● WHAT IS EXPECTED: Return only the lines from the one containing "Proof. by move=>" to the end of the material, with each one exactly as it appears.

● PROVIDED INFORMATION:
>>>>

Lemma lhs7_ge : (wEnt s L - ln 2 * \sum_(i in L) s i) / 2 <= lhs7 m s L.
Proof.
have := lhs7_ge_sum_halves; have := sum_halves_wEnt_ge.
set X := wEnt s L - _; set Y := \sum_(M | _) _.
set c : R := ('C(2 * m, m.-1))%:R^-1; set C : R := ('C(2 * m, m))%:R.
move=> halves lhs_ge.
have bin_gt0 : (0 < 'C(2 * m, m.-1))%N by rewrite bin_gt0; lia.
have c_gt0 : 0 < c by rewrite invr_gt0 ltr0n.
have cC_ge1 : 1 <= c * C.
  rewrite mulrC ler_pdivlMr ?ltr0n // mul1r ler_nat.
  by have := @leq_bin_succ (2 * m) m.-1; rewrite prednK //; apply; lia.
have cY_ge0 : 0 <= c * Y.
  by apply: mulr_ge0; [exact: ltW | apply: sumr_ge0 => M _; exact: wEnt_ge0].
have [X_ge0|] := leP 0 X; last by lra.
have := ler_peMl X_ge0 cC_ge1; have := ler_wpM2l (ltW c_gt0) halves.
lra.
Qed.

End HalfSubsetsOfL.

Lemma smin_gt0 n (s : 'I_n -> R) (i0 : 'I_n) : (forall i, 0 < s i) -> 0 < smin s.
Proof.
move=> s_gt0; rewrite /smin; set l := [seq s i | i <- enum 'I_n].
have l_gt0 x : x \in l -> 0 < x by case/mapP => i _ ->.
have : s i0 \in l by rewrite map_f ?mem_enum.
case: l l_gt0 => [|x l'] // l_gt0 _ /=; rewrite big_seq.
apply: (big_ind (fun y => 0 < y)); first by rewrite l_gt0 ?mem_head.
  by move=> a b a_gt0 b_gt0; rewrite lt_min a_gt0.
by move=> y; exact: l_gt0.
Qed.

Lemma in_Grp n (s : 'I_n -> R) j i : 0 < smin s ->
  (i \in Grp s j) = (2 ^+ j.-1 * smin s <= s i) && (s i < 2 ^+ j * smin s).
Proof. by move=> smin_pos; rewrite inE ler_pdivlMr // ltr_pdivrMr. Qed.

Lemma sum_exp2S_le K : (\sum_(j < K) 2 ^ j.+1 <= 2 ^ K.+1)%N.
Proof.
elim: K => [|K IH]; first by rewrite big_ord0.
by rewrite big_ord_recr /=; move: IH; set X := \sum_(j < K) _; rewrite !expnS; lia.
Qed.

<<<<

● TASK ANSWER:
Proof. by move=> smin_pos; rewrite inE ler_pdivlMr // ltr_pdivrMr. Qed.

Lemma sum_exp2S_le K : (\sum_(j < K) 2 ^ j.+1 <= 2 ^ K.+1)%N.
Proof.
elim: K => [|K IH]; first by rewrite big_ord0.
by rewrite big_ord_recr /=; move: IH; set X := \sum_(j < K) _; rewrite !expnS; lia.
Qed.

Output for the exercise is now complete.